Writing as “Rotisserie” Fantasy Baseball

Baseball season is upon us here in the United States. With it, (often) is my jump into fantasy baseball.

For those unfamiliar with fantasy sports, (into which I never sink any money), the concept is simple enough. You join a league, usually online these days. You draft real Major League players onto your team as does everyone else in your league. You score fantasy points based on what your players do in real life, vs what the players “owned” by your opponents do.

That, in essence, is all there is to it.

How does one win?

That depends on the format you’ve selected. There is no need to get into detail about that here. In the broadest of terms, some formats emphasize what happens week-to-week against a single opponent. Others, like the format I am trying for the first time this year, emphasis an entire season’s performance of your players. Whoever accumulates the most points by the end of the real-life season is the winner. “Rotisserie” they call it, having nothing at all to do with seasoned chicken.

080222-N-8726C-001 MILLINGTON, Tenn. (Feb. 22, 2008) Navy shortstop Nick Driscoll tags out an Air Force runner during the first of two Navy vs. Air Force games at the annual Service Academy Spring Classic baseball tournament. Navy faced teams from the Air Force, Memphis, Arkansas State, Ohio State and Seton Hall. The Midshipmen finished the tournament 2-1, placing third. U.S. Navy photo by Mass Communication Specialist 1st Class John Collins (Released)

It is early yet, but I think I may already enjoy this marathon approach as opposed to the sprint approach.

Most writing is like this rotisserie style fantasy baseball. Accumulative. Slow. Deliberate. Plenty of time to make course corrections if things start to go South.

True, not everything we write gives us the luxury of such a distant deadline.

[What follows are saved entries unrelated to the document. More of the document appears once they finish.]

Hypothesis encK : cancel dec enc.
Hypothesis enc_sign : forall l l', enc l = enc l' -> is_neg l = is_neg l'.
Hypothesis matching_lift : forall o c, is_neg o -> is_pos c ->
  exists o' c', [/\ enc o' = enc o, enc c' = enc c & matching o' c'].
Hypothesis matching_enc_inj : forall o c o' c', matching o c -> matching o' c' ->
  enc o = enc o' -> enc c = enc c' -> o = o' /\ c = c'.
Hypothesis cls_dec : forall t, one_signed (map dec t) -> cls (Some (map dec t)).
Hypothesis cls_canonical : forall w, cls (Some w) -> map dec (map enc w) = w.

Lemma one_signed_enc w w' : map enc w = map enc w' -> one_signed w = one_signed w'.
Proof.
move=> e; rewrite /one_signed.
suff [-> ->] : all (@is_neg M) w = all (@is_neg M) w' /\ all (@is_pos M) w = all (@is_pos M) w'.
  by [].
by elim: w w' e => [|l w IHw] [|l' w'] //= [/enc_sign el /IHw[-> ->]]; rewrite !pos_neg el.
Qed.

Lemma lift_exists u : exists2 w, admissible cls w & map enc w = map enc u.
Proof.
have [n] := ubnP (size u); elim: n u => // n IHn u.
case: (word_shapeP u) => [a o c b no pc|c x o pc no|w sw] /ltnSE su.
- have [|w aw] := IHn (a ++ b); first by move: su; rewrite !size_cat /=; lia.
  rewrite map_cat => /map_eq_cat[a1 [b1 [ew ea eb]]]; subst w.
  have [o' [c' [eo ec oc]]] := matching_lift no pc.
  exists (a1 ++ o' :: c' :: b1); first exact/(admissible_pair _ _ _ oc).
  by rewrite !map_cat /= ea eb eo ec.
- have [|w aw ew] := IHn x; first by move: su; rewrite /= size_rcons; lia.
  have [o' [c' [eo ec oc]]] := matching_lift no pc.
  exists (c' :: rcons w o'); first exact/(admissible_wrap _ _ oc).
  by rewrite /= !map_rcons ew eo ec.
- have encdecK : map enc (map dec (map enc w)) = map enc w by rewrite mapK.
  have sw' : one_signed (map dec (map enc w)) by rewrite (one_signed_enc encdecK).
  by exists (map dec (map enc w)) => //; apply/admissible_one_signed => //; apply: cls_dec.
Qed.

But even shorter works, outside of daily journalism which is indeed a sprint, can benefit from this marathon approach.

We set a goal, brainstorm how to obtain it. Some of us outline at some of us don’t, but then we move into first drafts. Round of revisions. Edits. Next draft, and so on. Perhaps a beta reader or two for some of us that offers thoughts. More revisions. Your milage will vary but that’s the gist of it.

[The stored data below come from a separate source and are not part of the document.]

(* Let $\mathcal{H}$ be a real Hilbert space, let $A\colon \mathcal{H}\rightrightarrows\mathcal{H}$ be maximally monotone and let $B\colon \mathcal{H}\to\mathcal{H}$ be monotone and $L$-Lipschitz. Let $x\in(A+B)^{-1}(0)$, suppose $(\lambda_k)_{k\geq-1}\subseteq\left[\varepsilon,\frac{1-2\varepsilon}{2L}\right]$ for some $\varepsilon>0$, and let $(x_k)$ be given by $x_0,x_{-1}\in\mathcal{H}$ and $$x_{k+1} = J_{\lambda_k A}\bigl(x_k - \lambda_k B(x_k) - \lambda_{k-1}(B(x_k)-B(x_{k-1}))\bigr)\quad\forall k\in\mathbb{N}.$$ Then, for all $k\in\mathbb{N}$, $$\|x_{k+1}-x\|^2+2\lambda_k\langle B(x_{k+1})-B(x_k),x-x_{k+1}\rangle + \left(\tfrac{1}{2}+\varepsilon\right)\|x_{k+1}-x_k\|^2 \leq \|x_k-x\|^2 + 2\lambda_{k-1}\langle B(x_k)-B(x_{k-1}), x-x_{k}\rangle +\tfrac{1}{2}\|x_{k}-x_{k-1}\|^2.$$
   Context: $J_{\lambda A}:=(I+\lambda A)^{-1}$ denotes the resolvent. *)

From mathcomp Require Import all_boot all_order all_algebra.
From mathcomp Require Import reals.
Set Implicit Arguments. Unset Strict Implicit. Unset Printing Implicit Defensive.
Import Order.TTheory GRing.Theory Num.Theory.
Local Open Scope ring_scope.

Definition hnorm (R : realType) (V : lmodType R) (ip : V -> V -> R) (x : V) : R :=
  Num.sqrt (ip x x).

Record is_hilbert (R : realType) (V : lmodType R) (ip : V -> V -> R) : Prop := {
  ip_sym : forall x y, ip x y = ip y x;
  ip_linl : forall (a : R) x y z, ip (a *: x + y) z = a * ip x z + ip y z;
  ip_ge0 : forall x, 0 <= ip x x;
  ip_eq0 : forall x, ip x x = 0 -> x = 0;
  ip_complete : forall u : nat -> V,
    (forall e : R, 0 < e -> exists N, forall m n, (N <= m)%N -> (N <= n)%N ->
        hnorm ip (u m - u n) < e) ->
    exists l : V, forall e : R, 0 < e -> exists N, forall n, (N <= n)%N ->
        hnorm ip (u n - l) < e
}.

(* Set-valued operators A : V ⇉ V are given by their graphs: A x u  means u ∈ A(x). *)
Definition monotone_op (R : realType) (V : lmodType R) (ip : V -> V -> R)
  (A : V -> V -> Prop) : Prop :=
  forall x u y v, A x u -> A y v -> 0 <= ip (x - y) (u - v).

Definition max_monotone (R : realType) (V : lmodType R) (ip : V -> V -> R)
  (A : V -> V -> Prop) : Prop :=
  monotone_op ip A /\
  forall A' : V -> V -> Prop, monotone_op ip A' ->
    (forall x u, A x u -> A' x u) -> forall x u, A' x u -> A x u.

Definition monotone_fun (R : realType) (V : lmodType R) (ip : V -> V -> R)
  (B : V -> V) : Prop := monotone_op ip (fun x u => u = B x).

Definition lipschitz_with (R : realType) (V : lmodType R) (ip : V -> V -> R)
  (L : R) (B : V -> V) : Prop :=
  forall x y, hnorm ip (B x - B y) <= L * hnorm ip (x - y).

(* z = J_{lam A}(y) = (I + lam A)^{-1}(y), i.e. y ∈ z + lam A(z). *)
Definition resolvent_rel (R : realType) (V : lmodType R)
  (A : V -> V -> Prop) (lam : R) (y z : V) : Prop :=
  exists a, A z a /\ y = z + lam *: a.

(* Write z = x_{k+1}, y = x_k, w = x_{k-1}. Since z = J_{lam_k A}(...), monotonicity
   of A at z and at the zero x (where -B x is in A x), plus monotonicity of B, give
   0 <= <z - x, (y - z) + lam_k (B z - B y) - lam_{k-1} (B y - B w)>.
   The cosine law turns <z - x, y - z> into squared distances, and the one term of
   indefinite sign, lam_{k-1} <z - y, B y - B w>, is absorbed by Young's inequality
   and the Lipschitz bound because lam_{k-1} L <= 1/2 - eps. *)

From mathcomp Require Import all_boot all_order all_algebra.
From mathcomp Require Import reals.
From mathcomp Require Import ring lra zify.
Import Order.TTheory GRing.Theory Num.Theory.
Set Implicit Arguments. Unset Strict Implicit. Unset Printing Implicit Defensive.
Local Open Scope ring_scope.

Section HilbertSpace.
Variables (R : realType) (V : lmodType R) (ip : V -> V -> R).
Hypothesis hip : is_hilbert ip.

Lemma ipDl x y z : ip (x + y) z = ip x z + ip y z.
Proof. by have := ip_linl hip 1 x y z; rewrite scale1r mul1r. Qed.

Lemma ipZl a x z : ip (a *: x) z = a * ip x z.
Proof.
have ip0l : ip 0 z = 0 by have := ipDl 0 0 z; rewrite addr0 => h; lra.
by have := ip_linl hip a x 0 z; rewrite addr0 ip0l addr0.
Qed.

Lemma ipNl x z : ip (- x) z = - ip x z.
Proof. by rewrite -scaleN1r ipZl mulN1r. Qed.

Lemma ipBl x y z : ip (x - y) z = ip x z - ip y z.
Proof. by rewrite ipDl ipNl. Qed.

Lemma ipDr x y z : ip z (x + y) = ip z x + ip z y.
Proof. by rewrite !(ip_sym hip z) ipDl. Qed.

Lemma ipZr a x z : ip z (a *: x) = a * ip z x.
Proof. by rewrite !(ip_sym hip z) ipZl. Qed.

Lemma ipNr x z : ip z (- x) = - ip z x.
Proof. by rewrite !(ip_sym hip z) ipNl. Qed.

Lemma ipBr x y z : ip z (x - y) = ip z x - ip z y.
Proof. by rewrite ipDr ipNr. Qed.

Lemma ipNN x y : ip (- x) (- y) = ip x y.
Proof. by rewrite ipNl ipNr opprK. Qed.

Lemma ip_sqrD x y : ip (x + y) (x + y) = ip x x + 2 * ip x y + ip y y.
Proof. rewrite !(ipDl, ipDr) (ip_sym hip y x); ring. Qed.

Lemma ip_young t u v : 0 < t -> 2 * ip u v <= t * ip u u + t^-1 * ip v v.
Proof.
move=> t_gt0; have tV : t * t^-1 = 1 by rewrite mulfV ?gt_eqF.
have sq_ge0 := ip_ge0 hip (t *: u - v).
rewrite ipBl !ipBr !ipZl !ipZr (ip_sym hip v u) in sq_ge0.
have : 0 <= t * (t * ip u u + t^-1 * ip v v - 2 * ip u v).
  by rewrite mulrBr mulrDr !mulrA tV mul1r; lra.
by rewrite pmulr_rge0 // subr_ge0.
Qed.

Lemma lipschitz_sqr_le L (B : V -> V) x y : lipschitz_with ip L B ->
  ip (B x - B y) (B x - B y) <= L ^+ 2 * ip (x - y) (x - y).
Proof.
move=> /(_ x y); rewrite /hnorm => lip.
have := ler_pM (sqrtr_ge0 _) (sqrtr_ge0 _) lip lip.
by rewrite -!expr2 sqr_sqrtr ?ip_ge0 // exprMn sqr_sqrtr ?ip_ge0.
Qed.

Lemma lipschitz_cross_le L (B : V -> V) mu m d x y :
  0 < L -> lipschitz_with ip L B -> 0 <= mu -> mu * L <= m ->
  - (2 * mu * ip d (B x - B y)) <= m * (ip d d + ip (x - y) (x - y)).
Proof.
move=> L_gt0 lip mu_ge0 muL.
have young := ip_young (- d) (B x - B y) L_gt0.
rewrite ipNN ipNl in young.
have lipV : L^-1 * ip (B x - B y) (B x - B y) <= L * ip (x - y) (x - y).
  rewrite ler_pdivrMl // mulrA -expr2; exact: lipschitz_sqr_le.
have cross : - (2 * ip d (B x - B y)) <= L * (ip d d + ip (x - y) (x - y)) by lra.
have sum_ge0 : 0 <= ip d d + ip (x - y) (x - y) by rewrite addr_ge0 ?ip_ge0.
apply: le_trans (ler_wpM2r sum_ge0 muL).
have -> : - (2 * mu * ip d (B x - B y)) = mu * - (2 * ip d (B x - B y)) by ring.
by rewrite -mulrA ler_wpM2l.
Qed.

Lemma frb_step_le (A : V -> V -> Prop) (B : V -> V) lam mu xs w y z :
  monotone_op ip A -> monotone_fun ip B -> A xs (- B xs) -> 0 <= lam ->
  resolvent_rel A lam (y - lam *: B y - mu *: (B y - B w)) z ->
  ip (z - xs) (z - xs) + 2 * lam * ip (B z - B y) (xs - z) + ip (z - y) (z - y)
  <= ip (y - xs) (y - xs) + 2 * mu * ip (B y - B w) (xs - y)
     - 2 * mu * ip (z - y) (B y - B w).
Proof.
move=> monoA monoB Axs lam_ge0 [a [Aza hz]].
have lam_a : lam *: a = y - lam *: B y - mu *: (B y - B w) - z.
  by rewrite hz addrAC subrr add0r.
have mono : 0 <= ip (z - xs) (lam *: (a + B xs) + lam *: (B z - B xs)).
  rewrite ipDr !ipZr; apply: addr_ge0; apply: mulr_ge0 => //.
    by have := monoA _ _ _ _ Aza Axs; rewrite opprK.
  exact: monoB.
have step_dir : lam *: (a + B xs) + lam *: (B z - B xs)
          = (y - z) + lam *: (B z - B y) - mu *: (B y - B w).
  rewrite -scalerDr -addrA subrKC scalerDr lam_a [lam *: (B z - B y)]scalerBr.
  by rewrite (ACl ((1*4)*(5*2)*3)).
rewrite step_dir ipBr ipDr !ipZr in mono.
have polar : ip (y - xs) (y - xs)
             = ip (z - xs) (z - xs) + 2 * ip (z - xs) (y - z) + ip (z - y) (z - y).
  by rewrite -[ip (z - y) _]ipNN opprB -ip_sqrD [z - xs + _]addrC subrKA.
have skew : ip (z - xs) (B z - B y) = - ip (B z - B y) (xs - z).
  by rewrite -ipNr opprB (ip_sym hip).
have recentre : ip (z - xs) (B y - B w)
                = ip (z - y) (B y - B w) - ip (B y - B w) (xs - y).
  rewrite -[z - xs](subrKA y) [ip (z - y + _) _]ipDl.
  by rewrite (ip_sym hip (y - xs)) -[y - xs]opprB ipNr.
rewrite skew recentre in mono; lra.
Qed.

End HilbertSpace.

Theorem lemma2p4 (R : realType) (V : lmodType R) (ip : V -> V -> R)
  (A : V -> V -> Prop) (B : V -> V) (L eps : R) (lam : int -> R)
  (x : int -> V) (xs : V) :
  is_hilbert ip ->
  max_monotone ip A ->
  monotone_fun ip B ->
  0 < L -> lipschitz_with ip L B ->
  A xs (- B xs) ->
  0 < eps ->
  (forall k : int, -1 <= k -> eps <= lam k <= (1 - 2 * eps) / (2 * L)) ->
  (forall k : nat, resolvent_rel A (lam k)
      (x k - lam k *: B (x k) - lam (k%:Z - 1) *: (B (x k) - B (x (k%:Z - 1))))
      (x (k%:Z + 1))) ->
  forall k : nat,
    ip (x (k%:Z + 1) - xs) (x (k%:Z + 1) - xs)
    + 2 * lam k * ip (B (x (k%:Z + 1)) - B (x k)) (xs - x (k%:Z + 1))
    + (2^-1 + eps) * ip (x (k%:Z + 1) - x k) (x (k%:Z + 1) - x k)
    <= ip (x k - xs) (x k - xs)
       + 2 * lam (k%:Z - 1) * ip (B (x k) - B (x (k%:Z - 1))) (xs - x k)
       + 2^-1 * ip (x k - x (k%:Z - 1)) (x k - x (k%:Z - 1)).
Proof.
move=> hip [monoA _] monoB L_gt0 lipB Axs eps_gt0 lam_bounds resolvent k.
have /andP[lam_ge _] := lam_bounds k (ltac:(lia)).
have /andP[lam'_ge lam'_le] := lam_bounds (k%:Z - 1) (ltac:(lia)).
have lam'L : lam (k%:Z - 1) * L <= 2^-1 - eps.
  by move: lam'_le; rewrite ler_pdivlMr ?mulr_gt0 // => ?; lra.
have descent := frb_step_le hip monoA monoB Axs
  (ltW (lt_le_trans eps_gt0 lam_ge)) (resolvent k).
have cross := lipschitz_cross_le hip (x (k%:Z + 1) - x k) (x k) (x (k%:Z - 1))
  L_gt0 lipB (ltW (lt_le_trans eps_gt0 lam'_ge)) lam'L.
have := ip_ge0 hip (x k - x (k%:Z - 1)); nra.
Qed.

You can have a bad day or even a bad week or two in “roto” fantasy baseball and still end up on top by October. You just have to be willing to look at who/what is not working, and adjust accordingly. No need to rush or panic. Like a manager look at the big picture and do what you think it best to fix things.

Writers have the advantage over the fantasy baseball manager in one key aspect at least; there is no time table by which to perfect the work. Again, there are deadline-based exceptions, naturally. Yet writers, especially indie-authors such as myself have the luxury of moving the “season” into November, December, the following January, however long it takes to pace the marathon of our writing to get it to its best possible outcome.

Fantasy football is almost always a week to week battle with little room for error. I hate it and love it for that. As far as writing analogy goes though, roto fantasy baseball is most applicable.

There is plenty of time for you to write the best version of what you want written. Use all of it.